На одном из безумных костров, когда Тинторетто уже не было в живых, сожгли Джордано Бруно, его соотечественника и современника. Тинторетто художнически чувствовал то, о чем размышлял философ-еретик: бесконечность космоса, ничтожество и величие человека. Один из любимых сюжетов Тинторетто — лестница с устремленными вверх, охваченными беспокойством человеческими фигурами. Образ восходящего бытия?.. Джордано Бруно думал часто о том, что люди, устремившись к солнцу, будут подобны божествам. В героях Тинторетто чувствуется лихорадочное возбуждение, они живут в патетическом ожидании чего-то. Вокруг корабля расстилается таинственная, полная неожиданностей бесконечность… Но она же и надкораблем и, может быть, там особенно величественна и желанна. Чекрыгин был первым художником, почувствовавшим реальное наступление космической эпохи, потому-то и волновал его Тинторетто. Но тогда, в век Тинторетто, мысль о равных божествам, поднявшихся к солнцу людях казалась кощунственной мечтой, для Чекрыгина же она была осуществимой реальностью. Он был современником Циолковского.
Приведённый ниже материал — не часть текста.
Arguments msubst {n R}.
Arguments msubst0 {n R}.
Arguments mpoly_uni {n R}.
Arguments uni_mpoly {n R}.
Arguments mpolyX_neq0 {n R}.
Arguments mcoeff0X {n R}.
Arguments irrelevant_prime {n R}.
Arguments mpoly_uniX {n R}.
Arguments mpoly_uniC {n R}.
Arguments uni_mpolyX {n R}.
Arguments uni_mpolyC {n R}.

(** * Krull dimension and depth *)

(* Induction on the degree of [g]: split [g] along [gcdp g s]; either a proper
   factor of [g] lies in [Q], or [g] and [s] are coprime and Bezout applies. *)
Lemma poly_prime_ideal_maximal (K : fieldType) (Q Q' : {poly K} -> Prop) g s :
  prime_ideal Q -> ideal Q' -> (forall p, Q p -> Q' p) ->
  Q g -> g != 0 -> Q' s -> ~ Q s -> Q' 1.
Proof.
case=> hQ _ Qprime hQ' QQ' Qg g0 Q's Qs.
elim: {g}(size g) {-2}g (leqnn (size g)) Qg g0 => [|k IHk] g.
  by rewrite leqn0 size_poly_eq0 => /eqP -> _; rewrite eqxx.
move=> g_k Qg g0; set d := gcdp g s; set e := g %/ d.
have gE : g = e * d by rewrite divpK // dvdp_gcdl.
have e0 : e != 0 by apply: contraNneq g0 => e0; rewrite gE e0 mul0r.
have d0 : d != 0 by rewrite gcdp_eq0 negb_and g0.
have [Qe|Qd] : Q e \/ Q d by apply: Qprime; rewrite -gE.
  have [lt_eg|] := ltnP (size e) (size g).
    by apply: (IHk e) => //; rewrite -ltnS (leq_trans lt_eg).
  rewrite gE size_mul // => le_ge.
  have d1 : size d == 1%N.
    have se : (0 < size e)%N by rewrite size_poly_gt0.
    have sd : (0 < size d)%N by rewrite size_poly_gt0.
    by move: le_ge se sd; move: (size e) (size d) => x y; lia.
  have /Bezout_coprimepP [[u v]] /= := d1.
  move=> /eqp_size; rewrite size_poly1 => /eqP /size_poly1P [a a0 uv].
  have -> : 1 = (a^-1)%:P * (u * g + v * s) by rewrite uv -polyCM mulVf.
  by apply: idealMl => //; apply: idealD => //; apply: idealMl => //; apply: QQ'.
by case: Qs; rewrite -(divpK (dvdp_gcdr g s)); apply: idealMl.
Qed.

Section KrullDimension.
Variables (K : fieldType) (n : nat).
Local Notation A := {mpoly K[n]}.
Implicit Types (I P : A -> Prop) (p : A).

Lemma is_prime_idealE P : is_prime_ideal P <-> prime_ideal P.
Proof.
by split=> [[P0 [PD [PM [P1 Pprime]]]] | [[P0 PD PM] P1 Pprime]].
Qed.

Lemma ideal_mem_uniE P c : ideal P -> (forall j, j != c -> P 'X_j) ->
  forall p, P p <-> P (uni_mpoly c (mpoly_uni c p)).
Proof.
move=> hP PX p; have Psub := uni_sub_mem hP PX p.
split=> Pp; first by rewrite -[X in P X](subKr p); apply: idealB.
by rewrite -[p](subrK (uni_mpoly c (mpoly_uni c p))); apply: idealD.
Qed.

Lemma dim_ge1 I c : (forall p, I p -> mpoly_uni c p = 0) -> dim_ge I 1.
Proof.
move=> Iuni; pose P0 p := mpoly_uni c p = 0; pose P1 p := p@_0 = 0.
exists (fun i => if i == 0%N then P0 else P1); split=> [[|[|//]] _ /=|].
- exact/is_prime_idealE/prime_ideal_kernel.
- exact/is_prime_idealE/irrelevant_prime.
split=> // -[|//] _ /=; split=> [p P0p|].
  by rewrite /P1 -(mpoly_uni_horner0 c) P0p horner0.
exists 'X_c; rewrite /P0 /P1 mcoeff0X mpoly_uniX eqxx; split=> //.
by apply/eqP; rewrite polyX_eq0.
Qed.

(* A chain of primes over [I] lives in the principal ideal domain K[x_c],
   where nonzero primes are maximal. *)
Lemma not_dim_ge2 I :
  (forall P, is_prime_ideal P -> (forall p, I p -> P p) ->
     exists c, forall j, j != c -> P 'X_j) ->
  ~ dim_ge I 2.
Proof.
move=> Ivars [P [Pprime [IP Pchain]]].
have [c P0X] := Ivars _ (Pprime 0%N isT) IP.
have [P01 [p1 [P1p1 P0p1]]] := Pchain 0%N isT.
have [P12 [p2 [P2p2 P1p2]]] := Pchain 1%N isT.
have hP i : (i <= 2)%N -> prime_ideal (P i) by move/Pprime/is_prime_idealE.
have hP0 := hP 0%N isT; have hP1 := hP 1%N isT; have hP2 := hP 2%N isT.
have P1X j : j != c -> P 1%N 'X_j by move=> /P0X /P01.
have P2X j : j != c -> P 2%N 'X_j by move=> /P1X /P12.
have P0E := ideal_mem_uniE hP0 P0X; have P1E := ideal_mem_uniE hP1 P1X.
have P2E := ideal_mem_uniE hP2 P2X.
apply: (prime_ideal_proper hP2).
rewrite -(rmorph1 (uni_mpoly c)).
apply: (poly_prime_ideal_maximal (g := mpoly_uni c p1) (s := mpoly_uni c p2)
  (prime_ideal_comap _ hP1) (ideal_comap _ hP2)).
- by move=> q; apply: P12.
- by rewrite -P1E.
- apply: contra_notN P0p1 => /eqP p10; rewrite P0E p10 rmorph0; exact: ideal0 hP0.
- by rewrite -P2E.
- by rewrite -P1E.
Qed.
Решающую роль в рождении у Чекрыгина «космического сознания» сыграла революция. Он верил, что за социальным раскрепощением человека наступит и раскрепощение от «земных уз». В двадцатом году он работает над эскизами к композиции «Революция» и композиции «Восстание» — их образы уже родственны позднейшему «Воскресению»: люди, участвуя в исполинском деянии, испытывают полноту человеческой общности и черпают в ней физические и нравственные силы.
(В сущности, «Воскресение» Чекрыгина — тоже восстание, восстание человека, подчиняющего себе стихийные силы космоса.)
Он пишет головы рабов, воинов, Степана Разина, цикл эскизов к композиции «Расстрел» и опять, опять возвращается к теме восстания, вводя в рисунки детей. Один из эскизов к композиции «Восстание» — а по художественной ценности — самостоятельный рисунок — голова мальчишки с развевающимися волосами, лицом одухотворенным и нежным, это дитя баррикад, юное, чудное, бесстрашное существо, не боящееся ни пуль, ни конских копыт. Не жил ли этот ребенок в самом Чекрыгине до последнего часа? Когда рассматриваешь его композицию «Воскресение», кажется что она написана восставшим ребенком. Над этим циклом — он и потряс меня человечностью и богатством фантазии при первом посещении выставки — Чекрыгин работал в состоянии величайшего духовного подъема. Идея воскрешения минувших поколений, заселения ими небесных тел, идея очеловечивания, одухотворения космоса овладела полностью его умом и сердцем. Он был увлечен ею и как революционер, человек восстания (не есть ли воскресение самое фантастическое по дерзновению и мощи из восстаний?!), и как художник, человек искусства (творчество живого не выше ли создания подобий, даже гениальных?).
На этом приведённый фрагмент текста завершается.